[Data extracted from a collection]
################

(* Let $A$ be a unital $C^*$-algebra, let $P\in M_M(A)$ be a submagic matrix, let $K\ge0$ and $N=M+K$. If $P$ can be completed to a magic matrix $\widetilde P\in M_N(A)$ (i.e. one whose upper-left $M\times M$ block is $P$), then $\sum_{i,j=1}^M P_{ij}\ge (M-K)1$.
   Context: A submagic matrix over $A$ is a square matrix whose entries are orthogonal projections, pairwise orthogonal within each row and within each column; it is magic if moreover the entries in each row and each column sum to $1$. The inequality is in the order of self-adjoint elements of $A$. *)

From HB Require Import structures.
From mathcomp Require Import all_boot all_order all_algebra.
From mathcomp Require Import reals.
From mathcomp.real_closed Require Import complex.
Set Implicit Arguments. Unset Strict Implicit. Unset Printing Implicit Defensive.
Import Order.TTheory GRing.Theory Num.Theory.
Local Open Scope ring_scope.

Definition unital_cstar_algebra (R : realType) (A : unitAlgType R[i])
    (star : A -> A) (nrm : A -> R) : Prop :=
  [/\
      [/\ (forall a, star (star a) = a),
          (forall a b, star (a + b) = star a + star b),
          (forall (c : R[i]) a, star (c *: a) = Num.conj c *: star a) &
          (forall a b, star (a * b) = star b * star a)],
      [/\ (forall a, 0 <= nrm a),
          (forall a, nrm a = 0 -> a = 0),
          (forall a b, nrm (a + b) <= nrm a + nrm b),
          (forall (c : R[i]) a, (nrm (c *: a))%:C%C = `|c| * (nrm a)%:C%C) &
          (forall a b, nrm (a * b) <= nrm a * nrm b)],
      (forall a, nrm (star a * a) = nrm a ^+ 2) &
      (forall u : nat -> A,
         (forall e : R, 0 < e -> exists N : nat, forall m n : nat,
            (N <= m)%N -> (N <= n)%N -> nrm (u m - u n) < e) ->
         exists l : A, forall e : R, 0 < e -> exists N : nat, forall n : nat,
            (N <= n)%N -> nrm (u n - l) < e)].

Definition spectrum (R : realType) (A : unitAlgType R[i]) (a : A) : pred R[i] :=
  fun l => ~~ (a - l%:A \is a GRing.unit).

Definition cstar_pos (R : realType) (A : unitAlgType R[i]) (star : A -> A)
    (a : A) : Prop :=
  star a = a /\ forall l : R[i], l \in spectrum a -> (l \is Num.real) && (0 <= l).

Definition cstar_le (R : realType) (A : unitAlgType R[i]) (star : A -> A)
    (a b : A) : Prop :=
  [/\ star a = a, star b = b & cstar_pos star (b - a)].

Definition is_projection (R : realType) (A : unitAlgType R[i]) (star : A -> A)
    (p : A) : Prop :=
  p * p = p /\ star p = p.

Definition submagic (R : realType) (A : unitAlgType R[i]) (star : A -> A)
    (n : nat) (P : 'M[A]_n) : Prop :=
  [/\ forall i j, is_projection star (P i j),
      forall i j k, j != k -> P i j * P i k = 0 &
      forall i k j, i != k -> P i j * P k j = 0].

Definition magic (R : realType) (A : unitAlgType R[i]) (star : A -> A)
    (n : nat) (P : 'M[A]_n) : Prop :=
  [/\ submagic star P,
      forall i, \sum_j P i j = 1 &
      forall j, \sum_i P i j = 1].

From HB Require Import structures.
From mathcomp Require Import all_boot all_order all_algebra.
From mathcomp Require Import reals.
From mathcomp.real_closed Require Import complex.
From mathcomp Require Import ring lra.

Set Implicit Arguments.
Unset Strict Implicit.
Unset Printing Implicit Defensive.
Import Order.TTheory GRing.Theory Num.Theory.
Local Open Scope ring_scope.

(* Summing the first M columns and the last K rows of the magic completion
   shows that the sum S of the entries of P is (M - K) 1 + D, where D is the
   sum of the K^2 projections p of the lower-right block.  Each 1 - p is again
   a projection, so ||n 1 - D|| <= n for n = K^2.  A self-adjoint h with
   ||n 1 - h|| <= n is positive: its spectrum is real, and for real l < 0 the
   element h - l 1 = -((n 1 - h) - (n - l) 1) is invertible by a Neumann
   series, because ||n 1 - h|| < n - l. *)

Lemma exprn_lt (R : archiRealFieldType) (r e : R) :
  0 <= r -> r < 1 -> 0 < e -> exists N : nat, r ^+ N < e.
Proof.
move=> r_ge0 r_lt1 e_gt0.
have [->|r_neq0] := eqVneq r 0; first by exists 1%N; rewrite expr1.
have r_gt0 : 0 < r by rewrite lt_def r_neq0.
set d := r^-1 - 1.
have d_gt0 : 0 < d by rewrite /d subr_gt0 invf_gt1.
have bernoulli n : 1 + n%:R * d <= r^-1 ^+ n.
  have -> : r^-1 = 1 + d by rewrite /d addrC subrK.
  elim: n => [|n IHn]; first by rewrite mul0r addr0 expr0.
  have nd_ge0 : 0 <= n%:R * d by rewrite mulr_ge0 ?ler0n ?ltW.
  rewrite exprS; apply: le_trans (ler_wpM2l _ IHn); last by rewrite addr_ge0 ?ltW.
  by rewrite -natr1; nra.
have [N ltN] : exists N : nat, (e * d)^-1 < N%:R.
  by exists (Num.bound (e * d)^-1); rewrite archi_boundP // invr_ge0 mulr_ge0 ?ltW.
exists N.
have : e^-1 < r^-1 ^+ N.
  apply: lt_le_trans (bernoulli N).
  suff : e^-1 < N%:R * d by lra.
  by rewrite -ltr_pdivrMr // -invfM.
by rewrite exprVn ltf_pV2 // posrE exprn_gt0.
Qed.

Lemma normc_real (R : rcfType) (x : R) : `|x%:C%C| = (`|x|)%:C%C.
Proof. by rewrite normc_def /= expr0n /= addr0 sqrtr_sqr. Qed.

Lemma lt_eps_scale (R : realFieldType) (c e : R) :
  0 <= c -> 0 < e -> c * (e / (c + 1)) < e.
Proof. by move=> c_ge0 e_gt0; rewrite mulrA ltr_pdivrMr; nra. Qed.

Section CStarAlgebra.
Variables (R : realType) (A : unitAlgType R[i]) (star : A -> A) (nrm : A -> R).
Hypothesis starK : forall a, star (star a) = a.
Hypothesis starD : forall a b, star (a + b) = star a + star b.
Hypothesis starZ : forall (c : R[i]) a, star (c *: a) = Num.conj c *: star a.
Hypothesis starM : forall a b, star (a * b) = star b * star a.
Hypothesis nrm_ge0 : forall a, 0 <= nrm a.
Hypothesis nrm_eq0 : forall a, nrm a = 0 -> a = 0.
Hypothesis nrmD : forall a b, nrm (a + b) <= nrm a + nrm b.
Hypothesis nrmZ : forall (c : R[i]) a, (nrm (c *: a))%:C%C = `|c| * (nrm a)%:C%C.
Hypothesis nrmM : forall a b, nrm (a * b) <= nrm a * nrm b.
Hypothesis nrm_star_mul : forall a, nrm (star a * a) = nrm a ^+ 2.

Definition nrm_cvg (u : nat -> A) (l : A) : Prop :=
  forall e : R, 0 < e -> exists N : nat, forall n : nat,
    (N <= n)%N -> nrm (u n - l) < e.

Definition nrm_cauchy (u : nat -> A) : Prop :=
  forall e : R, 0 < e -> exists N : nat, forall m n : nat,
    (N <= m)%N -> (N <= n)%N -> nrm (u m - u n) < e.

Hypothesis nrm_complete : forall u, nrm_cauchy u -> exists l, nrm_cvg u l.

Lemma star0 : star 0 = 0.
Proof. by apply: (addrI (star 0)); rewrite -starD !addr0. Qed.

Lemma starN a : star (- a) = - star a.
Proof. by apply: (addrI (star a)); rewrite -starD !subrr star0. Qed.

Lemma star1 : star 1 = 1.
Proof. by have := starM (star 1) 1; rewrite !(mulr1, starK). Qed.

Lemma star_sum (I : Type) (r : seq I) (F : I -> A) :
  star (\sum_(i <- r) F i) = \sum_(i <- r) star (F i).
Proof. exact: (big_morph star starD star0). Qed.

Lemma nrmZr (r : R) a : nrm (r%:C%C *: a) = `|r| * nrm a.
Proof. by apply: complexI; rewrite nrmZ normc_real rmorphM. Qed.

Lemma nrm0 : nrm 0 = 0.
Proof. by have := nrmZr 0 0; rewrite scale0r normr0 mul0r. Qed.

Lemma nrmN a : nrm (- a) = nrm a.
Proof. by have := nrmZr (-1) a; rewrite rmorphN1 scaleN1r normrN normr1 mul1r. Qed.

Lemma nrmBC a b : nrm (a - b) = nrm (b - a).
Proof. by rewrite -nrmN opprB. Qed.

Lemma nrm_sum (I : Type) (r : seq I) (P : pred I) (F : I -> A) :
  nrm (\sum_(i <- r | P i) F i) <= \sum_(i <- r | P i) nrm (F i).
Proof.
elim/big_rec2: _ => [|i y1 y2 _ IH]; first by rewrite nrm0.
by apply: le_trans (nrmD _ _) _; rewrite lerD2l.
Qed.

Lemma nrm_eps_eq0 a : (forall e : R, 0 < e -> nrm a < e) -> a = 0.
Proof.
move=> small; apply: nrm_eq0; apply/eqP; rewrite eq_le nrm_ge0 andbT.
by rewrite leNgt; apply/negP => /small; rewrite ltxx.
Qed.

Lemma is_projection_subr1 p : is_projection star p -> is_projection star (1 - p).
Proof.
case=> pp sp; split; last by rewrite starD starN star1 sp.
by rewrite mulrBr mulr1 mulrBl mul1r pp subrr subr0.
Qed.

Lemma nrm_projection p : is_projection star p -> nrm p <= 1.
Proof.
case=> pp sp; have := nrm_star_mul p; rewrite sp pp => nrm_sqr.
have [->|nrm_neq0] := eqVneq (nrm p) 0; first by [].
have : nrm p * (nrm p - 1) = 0 by rewrite mulrBr mulr1 -expr2 -nrm_sqr subrr.
by move/eqP; rewrite mulf_eq0 (negbTE nrm_neq0) subr_eq0 => /eqP ->.
Qed.

Lemma nrm1 : nrm 1 <= 1.
Proof. by apply: nrm_projection; rewrite /is_projection star1 mulr1. Qed.

Lemma nrmX a n : nrm (a ^+ n) <= nrm a ^+ n.
Proof.
elim: n => [|n IHn]; first by rewrite !expr0 nrm1.
by rewrite !exprS; apply: le_trans (nrmM _ _) _; apply: ler_wpM2l.
Qed.

Lemma eq_nrm_cvg u v l : (forall n, u n = v n) -> nrm_cvg u l -> nrm_cvg v l.
Proof.
by move=> eq_uv cvg_u e /cvg_u[N HN]; exists N => n /HN; rewrite eq_uv.
Qed.

Lemma nrm_cvg_unique u l l' : nrm_cvg u l -> nrm_cvg u l' -> l = l'.
Proof.
move=> cvg_l cvg_l'; apply/eqP; rewrite -subr_eq0; apply/eqP.
apply: nrm_eps_eq0 => e e_gt0.
have [N HN] := cvg_l (e / 2) ltac:(lra).
have [N' HN'] := cvg_l' (e / 2) ltac:(lra).
have := HN' (maxn N N') (leq_maxr _ _); have := HN (maxn N N') (leq_maxl _ _).
rewrite nrmBC; set v := u _ => lt_l lt_l'.
have -> : l - l' = (l - v) + (v - l') by rewrite addrA subrK.
by apply: le_lt_trans (nrmD _ _) _; lra.
Qed.

Lemma nrm_cvgMl a u l : nrm_cvg u l -> nrm_cvg (fun n => a * u n) (a * l).
Proof.
move=> cvg_u e e_gt0.
have [N HN] := cvg_u (e / (nrm a + 1)) ltac:(apply: divr_gt0; have := nrm_ge0 a; lra).
exists N => n /HN lt_n; rewrite -mulrBr; apply: le_lt_trans (nrmM _ _) _.
exact: le_lt_trans (ler_wpM2l (nrm_ge0 a) (ltW lt_n)) (lt_eps_scale (nrm_ge0 a) e_gt0).
Qed.

Lemma nrm_cvgMr a u l : nrm_cvg u l -> nrm_cvg (fun n => u n * a) (l * a).
Proof.
move=> cvg_u e e_gt0.
have [N HN] := cvg_u (e / (nrm a + 1)) ltac:(apply: divr_gt0; have := nrm_ge0 a; lra).
exists N => n /HN lt_n; rewrite -mulrBl; apply: le_lt_trans (nrmM _ _) _.
rewrite mulrC.
exact: le_lt_trans (ler_wpM2l (nrm_ge0 a) (ltW lt_n)) (lt_eps_scale (nrm_ge0 a) e_gt0).
Qed.

Section NeumannSeries.
Variable x : A.
Hypothesis nrm_x_lt1 : nrm x < 1.

Let r := nrm x.
Let r_ge0 : 0 <= r. Proof. exact: nrm_ge0. Qed.

Lemma nrm_cvg_subr1_expr : nrm_cvg (fun n => 1 - x ^+ n) 1.
Proof.
move=> e e_gt0; have [N ltN] := exprn_lt r_ge0 nrm_x_lt1 e_gt0.
exists N => n le_Nn; rewrite addrAC subrr add0r nrmN.
apply: le_lt_trans (nrmX _ _) (le_lt_trans _ ltN).
by apply: ler_wiXn2l => //; apply: ltW.
Qed.

Lemma nrm_geometric_tail n m : (n <= m)%N ->
  nrm (\sum_(n <= k < m) x ^+ k) <= r ^+ n / (1 - r).
Proof.
move=> le_nm; apply: le_trans (nrm_sum _ _ _) _.
apply: le_trans (ler_sum _ (fun k _ => nrmX x k)) _.
rewrite ler_pdivlMr ?subr_gt0 // mulr_suml.
under eq_bigr do rewrite mulrBr mulr1 -exprSr -opprB.
rewrite sumrN telescope_sumr // opprB.
by have := exprn_ge0 m r_ge0; lra.
Qed.

Lemma geometric_series_cauchy : nrm_cauchy (fun n => \sum_(k < n) x ^+ k).
Proof.
move=> e e_gt0.
have r1_gt0 : 0 < 1 - r by rewrite subr_gt0.
have [N ltN] := exprn_lt r_ge0 nrm_x_lt1 (mulr_gt0 e_gt0 r1_gt0).
have tail_lt n m : (N <= n)%N -> (n <= m)%N ->
    nrm (\sum_(k < m) x ^+ k - \sum_(k < n) x ^+ k) < e.
  move=> le_Nn le_nm.
  rewrite -!(big_mkord xpredT) (big_cat_nat (leq0n n) le_nm) /= addrC addrK.
  apply: le_lt_trans (nrm_geometric_tail le_nm) _.
  rewrite ltr_pdivrMr //; apply: le_lt_trans ltN.
  by apply: ler_wiXn2l => //; apply: ltW.
exists N => m n le_Nm le_Nn.
have [le_nm|lt_mn] := leqP n m; first exact: tail_lt.
by rewrite nrmBC; apply: tail_lt => //; apply: ltnW.
Qed.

################

_EXERCISE_
Counting only lines above that contain the string "nrmZr", report how many there are and write nothing further.

_ANSWER TO THE EXERCISE_
3